You stated you wish to photograph landscapes. Odds are, those landscapes will have a lot of light. They might even have the sun in the picture! Did you investigate lens flare, which will then be your biggest enemy? Using the same site's lens flare test, we can see that the *Canon EF 24mm f/2.8 IS* that you were skeptical above is actually the best in terms of lack of lens flare at smaller apertures.

Which is another point, your landscape shots will generally be f/8-f/16. The *Canon EF 24mm f/2.8 IS* while not the sharpest of all at f/2.8 is just as sharp if not sharper at f/8-f/16.

Going back to lens flare,
The *Canon EF 24mm f/2.8 IS* has significantly less lens flare than the below lenses:
* Canon EF 24mm f/1.4L
* Canon EF 24-70mm f/2.8L II

Proof:
http://www.the-digital-picture.com/Reviews/Lens-Flare.aspx?Lens=788&Camera=453&FLI=0&API=5&LensComp=787&CameraComp=453&FLIComp=0&APIComp=5

http://www.the-digital-picture.com/Reviews/Lens-Flare.aspx?Lens=788&Camera=453&FLI=0&API=5&LensComp=480&CameraComp=453&FLIComp=0&APIComp=7

This is largely due to the much smaller front element on the 24mm f/2.8 IS.

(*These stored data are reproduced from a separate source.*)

Lemma sum_below_neq0 n f : sum_below n f <> 0 <-> exists k, k < n /\ f k <> 0.
Proof.
  induction n as [|n IH]; cbn [sum_below].
  - split; [lia | intros (k & Hk & _); lia].
  - split.
    + intros H; destruct (Nat.eq_dec (f n) 0) as [Hf|Hf].
      * destruct IH as [[k Hk] _]; [lia|]; exists k; split; [lia | apply Hk].
      * exists n; split; [lia | exact Hf].
    + intros (k & Hk & Hfk); destruct (Nat.eq_dec k n) as [->|Hkn]; [lia|].
      enough (sum_below n f <> 0) by lia.
      apply IH; exists k; split; [lia | exact Hfk].
Qed.

Lemma holds_sum A bound body v :
  holds (e_sum A bound body) v <-> exists k, k < denote bound v /\ holds body (k :: env A v).
Proof. unfold holds; rewrite denote_sum; apply sum_below_neq0. Qed.

Lemma holds_forall A bound body v :
  holds (e_forall A bound body) v <-> forall k, k < denote bound v -> holds body (k :: env A v).
Proof.
  unfold e_forall; rewrite holds_not, holds_sum; split.
  - intros H k Hk; apply NNPP; intros Hnot; apply H; exists k; rewrite holds_not; auto.
  - intros H (k & Hk & Hnot); rewrite holds_not in Hnot; auto.
Qed.

Fixpoint tri (m : nat) : nat := match m with 0 => 0 | S k => tri k + S k end.

Definition e_tri (a : expr) : expr := ERec EZero (e_add (EProj 1) (e_succ (EProj 0))) a [].

Lemma denote_tri a v : denote (e_tri a) v = tri (denote a v).
Proof.
  cbn [denote e_tri map]. induction (denote a v) as [|n IH]; [reflexivity|].
  cbn [prim_rec tri]; rewrite denote_add; cbn [denote nth map]; rewrite IH; reflexivity.
Qed.

Lemma tri_le_mono m n : m <= n -> tri m <= tri n.
Proof. induction 1; cbn; lia. Qed.

Lemma le_tri n : n <= tri n.
Proof. induction n; cbn; lia. Qed.

Lemma to_nat_tri x y : to_nat (x, y) = y + tri (y + x).
Proof. cbn; f_equal; induction (y + x) as [|n IH]; cbn; [reflexivity | rewrite IH; lia]. Qed.

Definition cantor_diag (n : nat) : nat := fst (of_nat n) + snd (of_nat n).

Lemma cantor_diag_spec n :
  tri (cantor_diag n) <= n < tri (S (cantor_diag n)) /\ n = snd (of_nat n) + tri (cantor_diag n).
Proof.
  unfold cantor_diag; pose proof (cancel_to_of n) as Hn; destruct (of_nat n) as [x y]; cbn.
  rewrite to_nat_tri, (Nat.add_comm y x) in Hn; lia.
Qed.

Lemma cantor_diag_count n : cantor_diag n = sum_below n (fun m => Nat.b2n (tri (S m) <? S n)).
Proof.
  destruct (cantor_diag_spec n) as [[Hlo Hhi] _]; set (c := cantor_diag n) in *.
  enough (forall N, sum_below N (fun m => Nat.b2n (tri (S m) <? S n)) = Nat.min N c)
    by (rewrite H; pose proof (le_tri c); lia).
  induction N as [|N IH]; [reflexivity|]; cbn [sum_below]; rewrite IH.
  destruct (Nat.ltb_spec (tri (S N)) (S n)) as [Hlt|Hge]; cbn [Nat.b2n].
  - assert (N < c); [|lia].
    destruct (Nat.lt_ge_cases N c) as [|Hle]; [assumption|].
    pose proof (tri_le_mono _ _ (le_n_S _ _ Hle)); lia.
  - assert (c <= N); [|lia].
    destruct (Nat.le_gt_cases c N) as [|Hlt]; [assumption|].
    pose proof (tri_le_mono _ _ Hlt); lia.
Qed.

Definition e_cantor_diag (a : expr) : expr :=
  EComp (e_sum 1 (EProj 0) (e_lt (e_tri (e_succ (EProj 0))) (e_succ (EProj 1)))) [a].
Definition e_snd (a : expr) : expr := e_sub a (e_tri (e_cantor_diag a)).
Definition e_fst (a : expr) : expr := e_sub (e_cantor_diag a) (e_snd a).

Lemma denote_cantor_diag a v : denote (e_cantor_diag a) v = cantor_diag (denote a v).
Proof.
  unfold e_cantor_diag; cbn [denote map]; rewrite denote_sum, cantor_diag_count.
  apply sum_below_ext; intros m _; cbn [env seq map nth].
  rewrite denote_lt, denote_tri; reflexivity.
Qed.

Lemma denote_snd a v : denote (e_snd a) v = snd (of_nat (denote a v)).
Proof.
  unfold e_snd; rewrite denote_sub, denote_tri, denote_cantor_diag.
  destruct (cantor_diag_spec (denote a v)); lia.
Qed.

Lemma denote_fst a v : denote (e_fst a) v = fst (of_nat (denote a v)).
Proof. unfold e_fst; rewrite denote_sub, denote_snd, denote_cantor_diag; unfold cantor_diag; lia. Qed.

(** * Greedy nets *)

Section GreedyNet.
Variable far : nat -> nat -> bool.

(* Bit [m] of [greedy_mask n] records whether [m] (for [m < n]) was admitted to
   the net: [n] is admitted iff it is [far] from every earlier admitted point. *)
Fixpoint greedy_mask (n : nat) : nat :=
  match n with
  | 0 => 0
  | S n => greedy_mask n +
      Nat.b2n (forallb (fun m => (negb (Nat.testbit (greedy_mask n) m) || far m n)%bool)
                       (seq 0 n)) * 2 ^ n
  end.

Definition in_greedy_net (n : nat) : Prop := Nat.testbit (greedy_mask (S n)) n = true.

Lemma greedy_mask_lt n : greedy_mask n < 2 ^ n.
Proof.
  induction n; cbn [greedy_mask]; [cbn; lia|].
  rewrite Nat.pow_succ_r'; destruct forallb; cbn; lia.
Qed.

Lemma testbit_add_high a n m c : a < 2 ^ n -> m < n -> Nat.testbit (a + c * 2 ^ n) m = Nat.testbit a m.
Proof.
  intros Ha Hm; rewrite <- (Nat.mod_pow2_bits_low _ n) by exact Hm.
  rewrite Nat.Div0.mod_add, Nat.mod_small by exact Ha; reflexivity.
Qed.

Lemma testbit_add_top a n (c : bool) : a < 2 ^ n -> Nat.testbit (a + Nat.b2n c * 2 ^ n) n = c.
Proof. intros Ha; apply (Nat.testbit_unique _ _ _ a 0); [exact Ha | lia]. Qed.

Lemma greedy_mask_stable m n :
  m < n -> Nat.testbit (greedy_mask n) m = Nat.testbit (greedy_mask (S m)) m.
Proof.
  induction n as [|n IH]; intros Hm; [lia|].
  destruct (Nat.eq_dec m n) as [->|Hne]; [reflexivity|].
  cbn [greedy_mask]; rewrite testbit_add_high by (apply greedy_mask_lt || lia).
  apply IH; lia.
Qed.

Lemma in_greedy_net_iff n : in_greedy_net n <-> forall m, m < n -> in_greedy_net m -> far m n = true.
Proof.
  unfold in_greedy_net at 1; cbn [greedy_mask]; rewrite testbit_add_top by apply greedy_mask_lt.
  rewrite forallb_forall; split.
  - intros H m Hm Hin; specialize (H m (proj2 (in_seq _ _ _) (conj (Nat.le_0_l m) Hm))).
    unfold in_greedy_net in Hin; rewrite greedy_mask_stable, Hin in H by exact Hm; exact H.
  - intros H m Hm; apply in_seq in Hm; rewrite greedy_mask_stable by lia.
    destruct (Nat.testbit (greedy_mask (S m)) m) eqn:Hin; [apply H; auto; lia | reflexivity].
Qed.
End GreedyNet.

(* [rel] is evaluated on [m; n; mask; L]. *)
Definition e_greedy_mask (rel : expr) : expr :=
  ERec EZero
    (e_add (EProj 1)
       (e_mul (e_forall 3 (EProj 0) (e_add (e_not (e_testbit (EProj 2) (EProj 0))) rel))
          (e_pow2 (EProj 0))))
    (EProj 0) [EProj 1].

Lemma b2n_of_iff x b : x <= 1 -> (x <> 0 <-> b = true) -> x = Nat.b2n b.
Proof. destruct b; cbn; intuition lia. Qed.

And the Sigma 35mm f/1.4 ART is an *utter mess* in terms of lens flare so I wouldn't count on the 24mm:
http://www.the-digital-picture.com/Reviews/Lens-Flare.aspx?Lens=788&Camera=453&FLI=0&API=5&LensComp=829&CameraComp=453&FLIComp=0&APIComp=7


So, sometimes the cheaper option is actually the better option.

If not obvious already, I recommend the *Canon 24mm f/2.8 IS* for landscape work, due to its classic 24mm landscape focal length, very low lens flare and high sharpness at typical landscape apertures.


----------



## scaptic (Apr 19, 2014)

Ruined said:


> OP: You are making a common mistake when looking at lenses - looking at only one optical benchmark (sharpness).
> 
> You stated you wish to photograph landscapes. Odds are, those landscapes will have a lot of light. They might even have the sun in the picture! Did you investigate lens flare, which will then be your biggest enemy? Using the same site's lens flare test, we can see that the *Canon EF 24mm f/2.8 IS* that you were skeptical above is actually the best in terms of lack of lens flare at smaller apertures.
> 
> Which is another point, your landscape shots will generally be f/8-f/16. The *Canon EF 24mm f/2.8 IS* while not the sharpest of all at f/2.8 is just as sharp if not sharper at f/8-f/16.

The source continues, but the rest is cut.